GenELPA is a tool for solving generalized eigenvalues using ELPA as a computational core.
ELPA is a high-performance and highly scalable direct eigensolvers solver, and is used in a variety of first-principles computing softwares. The program is developed at the Max Planck Institute, and is written in FORTRAN with a C interface.
Since the first version was released in 2011, ELPA has used two APIs, a traditional interface used in 2016.05.004 and earlier versions, and a new interface that uses a handle to pass computational configuration parameters used in 2016.11.001 and later versions. With the new interface, ELPA adds functions for solving generalized eigenvalues directly and support for GPUs.

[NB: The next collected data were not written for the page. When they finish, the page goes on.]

(* Let $F$ be an algebraically closed field of characteristic zero, $G$ a finite group, $A$ a finite dimensional full $G$-graded algebra over $F$, and $f_0$ a multilinear $G$-graded polynomial which is weakly full of $A$. Then there exists a multilinear $G$-graded strongly full polynomial $f$ of $A$ such that $f\in\langle f_0\rangle_T$.
   Context: Let $A\cong A_1\times\cdots\times A_q\oplus J_A$ be the graded Wedderburn–Malcev decomposition, with $A_i$ $G$-graded simple and $J_A$ the Jacobson radical; $A$ is full if, up to permuting indices, $A_1J_AA_2\cdots J_AA_q\neq0$. Fix a homogeneous basis of $A$ consisting of homogeneous bases of each $A_i$ (elements of the form $u_h\otimes e_{r,s}$ from the standard presentation of graded simple algebras) together with a homogeneous basis of $J_A$; an evaluation of a multilinear $G$-graded polynomial is admissible if each variable is assigned a basis element of its own degree. A multilinear $G$-graded polynomial is weakly full of $A$ if it has a nonzero admissible evaluation visiting every graded simple component $A_i$; it is strongly full of $A$ if it is a nonidentity of $A$ and every basis element of $A_{ss}$ occurs as a value in every nonzero admissible evaluation. $\langle f_0\rangle_T$ is the $G$-graded $T$-ideal generated by $f_0$. *)

From HB Require Import structures.
From mathcomp Require Import all_boot all_order all_fingroup all_algebra.
Set Implicit Arguments. Unset Strict Implicit. Unset Printing Implicit Defensive.
Import GRing.Theory.
Local Open Scope ring_scope.

Section Algebra.
Variables (F : fieldType) (G : finGroupType) (V : vectType F).
Variable mul : V -> V -> V.

Definition assoc_bilinear : Prop :=
  [/\ forall a, linear (mul a), forall b, linear (mul^~ b)
    & forall a b c, mul a (mul b c) = mul (mul a b) c].

Definition graded_algebra (deg : G -> {vspace V}) : Prop :=
  [/\ assoc_bilinear,
      (\sum_(g : G) deg g)%VS = fullv,
      directv (\sum_(g : G) deg g)
    & forall (g h : G) a b, a \in deg g -> b \in deg h -> mul a b \in deg (g * h)%g].

Definition prodl (s : seq V) : V :=
  if s is x :: s' then foldl mul x s' else 0.

Definition is_ideal (U : {vspace V}) : Prop :=
  forall a u, u \in U -> mul a u \in U /\ mul u a \in U.

Definition nilpotent_sp (U : {vspace V}) : Prop :=
  exists n : nat, forall s : seq V,
    size s = n.+1 -> all (fun x => x \in U) s -> prodl s = 0.

(* Jacobson radical of a finite dimensional algebra: the largest nilpotent *)
(* two-sided ideal.                                                        *)
Definition is_radical (U : {vspace V}) : Prop :=
  [/\ is_ideal U, nilpotent_sp U
    & forall I : {vspace V}, is_ideal I -> nilpotent_sp I -> (I <= U)%VS].

End Algebra.

(* Data of a graded Wedderburn-Malcev decomposition                       *)
(*   A = A_1 x ... x A_q (+) J_A                                          *)
(* with A_i = F^{alpha_i}[H_i] (x) M_{k_i}(F), presented through its      *)
(* standard basis  b i h r s = u_h (x) e_{r,s}  (h in H_i), of degree     *)
(* (g_{i,r})^-1 h g_{i,s}, and a homogeneous basis bJ of J_A.             *)

Unset Implicit Arguments.
Record WMdata (F : fieldType) (G : finGroupType) (V : vectType F) := WMData {
  wm_q : nat;
  wm_H : 'I_wm_q -> {group G};
  wm_k : 'I_wm_q -> nat;
  wm_g : forall i, 'I_(wm_k i) -> G;
  wm_alpha : 'I_wm_q -> G -> G -> F;
  wm_b : forall i, G -> 'I_(wm_k i) -> 'I_(wm_k i) -> V;
  wm_m : nat;
  wm_bJ : 'I_wm_m -> V;
  wm_dJ : 'I_wm_m -> G }.
Arguments wm_q {F G V} _.
Arguments wm_H {F G V} _ _.
Arguments wm_k {F G V} _ _.
Arguments wm_g {F G V} _ _ _.
Arguments wm_alpha {F G V} _ _ _ _.
Arguments wm_b {F G V} _ _ _ _ _.
Arguments wm_m {F G V} _.
Arguments wm_bJ {F G V} _ _.
Arguments wm_dJ {F G V} _ _.
Set Implicit Arguments.

Section WM.
Variables (F : fieldType) (G : finGroupType) (V : vectType F).
Variables (mul : V -> V -> V) (deg : G -> {vspace V}) (D : WMdata F G V).

Local Notation q := (wm_q D).
Local Notation H := (wm_H D).
Local Notation k := (wm_k D).
Local Notation b := (wm_b D).

Definition comp_basis (i : 'I_q) : seq V :=
  flatten [seq [seq b i h r s | r <- enum 'I_(k i), s <- enum 'I_(k i)]
          | h <- enum (H i)].

Definition J_basis : seq V := [seq wm_bJ D l | l <- enum 'I_(wm_m D)].

Definition WM_basis : seq V :=
  flatten [seq comp_basis i | i <- enum 'I_q] ++ J_basis.

Definition comp_sp (i : 'I_q) : {vspace V} := <<comp_basis i>>%VS.
Definition J_sp : {vspace V} := <<J_basis>>%VS.

Definition graded_WM : Prop :=
  (forall i, (0 < k i)%N) /\
  (forall i h h', h \in H i -> h' \in H i -> wm_alpha D i h h' != 0) /\
  (forall i h r s, h \in H i ->
      b i h r s \in deg ((wm_g D i r)^-1 * h * wm_g D i s)%g) /\
  (* multiplication table of F^alpha[H_i] (x) M_k(F) *)
  (forall i h h' r s r' s', h \in H i -> h' \in H i ->
      mul (b i h r s) (b i h' r' s') =
      if s == r' then wm_alpha D i h h' *: b i (h * h')%g r s' else 0) /\
  (forall i j h h' r s r' s', i != j -> h \in H i -> h' \in H j ->
      mul (b i h r s) (b j h' r' s') = 0) /\
  (forall l, wm_bJ D l \in deg (wm_dJ D l)) /\
  basis_of fullv WM_basis /\
  is_radical mul J_sp.

Definition chainprod (a z : 'I_q -> V) (s : seq 'I_q) : V :=
  if s is i0 :: s' then foldl (fun acc i => mul (mul acc (z i)) (a i)) (a i0) s'
  else 0.

Definition full : Prop :=
  exists (s : seq 'I_q) (a z : 'I_q -> V),
    [/\ perm_eq s (enum 'I_q), (forall i, a i \in comp_sp i),
        (forall i, z i \in J_sp) & chainprod a z s != 0].

Definition in_ss_basis (x : V) : Prop :=
  exists i h r s, h \in H i /\ x = b i h r s.

Definition in_basis (x : V) : Prop :=
  in_ss_basis x \/ exists l, x = wm_bJ D l.

End WM.

(* Variables are x_{n,g} = (n, g) : nat * G, of degree g.  A polynomial   *)
(* is represented by a formal finite sum of terms (coefficient, word);    *)
(* two representations denote the same polynomial iff they have the same  *)
(* coefficient function coefp.                                            *)

Section FreeAlg.
Variables (F : fieldType) (G : finGroupType).

Definition gvar := (nat * G)%type.
Definition word := seq gvar.
Definition ncpoly := seq (F * word).

Definition coefp (p : ncpoly) (w : word) : F := \sum_(t <- p | t.2 == w) t.1.

Definition varsp (p : ncpoly) (x : gvar) : bool :=
  has (fun t => (coefp p t.2 != 0) && (x \in t.2)) p.

Definition multilinear (p : ncpoly) : Prop :=
  exists vs : seq gvar, [/\ (0 < size vs)%N, uniq vs &
    forall w, coefp p w != 0 -> perm_eq w vs].

Definition wdeg (w : word) : G := foldr (fun x acc => (x.2 * acc)%g) 1%g w.

Definition homogeneous (g : G) (p : ncpoly) : Prop :=
  forall w, coefp p w != 0 -> wdeg w = g.

Definition mulp (p r : ncpoly) : ncpoly :=
  [seq (u.1 * v.1, u.2 ++ v.2) | u <- p, v <- r].

Definition graded_subst (phi : gvar -> ncpoly) : Prop :=
  forall x, homogeneous x.2 (phi x) /\ coefp (phi x) [::] = 0.

Definition substw (phi : gvar -> ncpoly) (w : word) : ncpoly :=
  foldr (fun x acc => mulp (phi x) acc) [:: (1, [::])] w.

Definition substp (phi : gvar -> ncpoly) (p : ncpoly) : ncpoly :=
  flatten [seq [seq (t.1 * u.1, u.2) | u <- substw phi t.2] | t <- p].

Definition sandwich (c : F) (a bw : word) (r : ncpoly) : ncpoly :=
  [seq (c * u.1, a ++ u.2 ++ bw) | u <- r].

We have previously made an extension to GenELPA for solving generalized eigenvalues, which provides functions for solving generalized eigenvalues directly as well as step-by-step solving and enhanced robustness in solving various matrices. The program is able to work stably in ABACUS.
The new interface of ELPA already supports direct solving of generalized eigenvalues, but we found the following problems in the process of using it.
- less stable calculations when solving certain matrices.
- unnecessary screen output in some cases (version 2021.05.002).
Therefore, we have rewritten the program that can support generalized eigenvalue solving based on the original GenELPA, and solved these two problems. At the same time, considering that ELPA of the old API is still widely used, we also supported ELPA of the old API in the new program. for compatibility and ease of use, we kept the invocation methods of the old and new versions the same, so that programs using ELPA do not need to change the source code, but only need to link different library files at compile time to support ELPA of the old and new different APIs.
We also added the function of automatically selecting the solution kernel according to the CPU parameters of the running server, so that users can get good computational efficiency by default.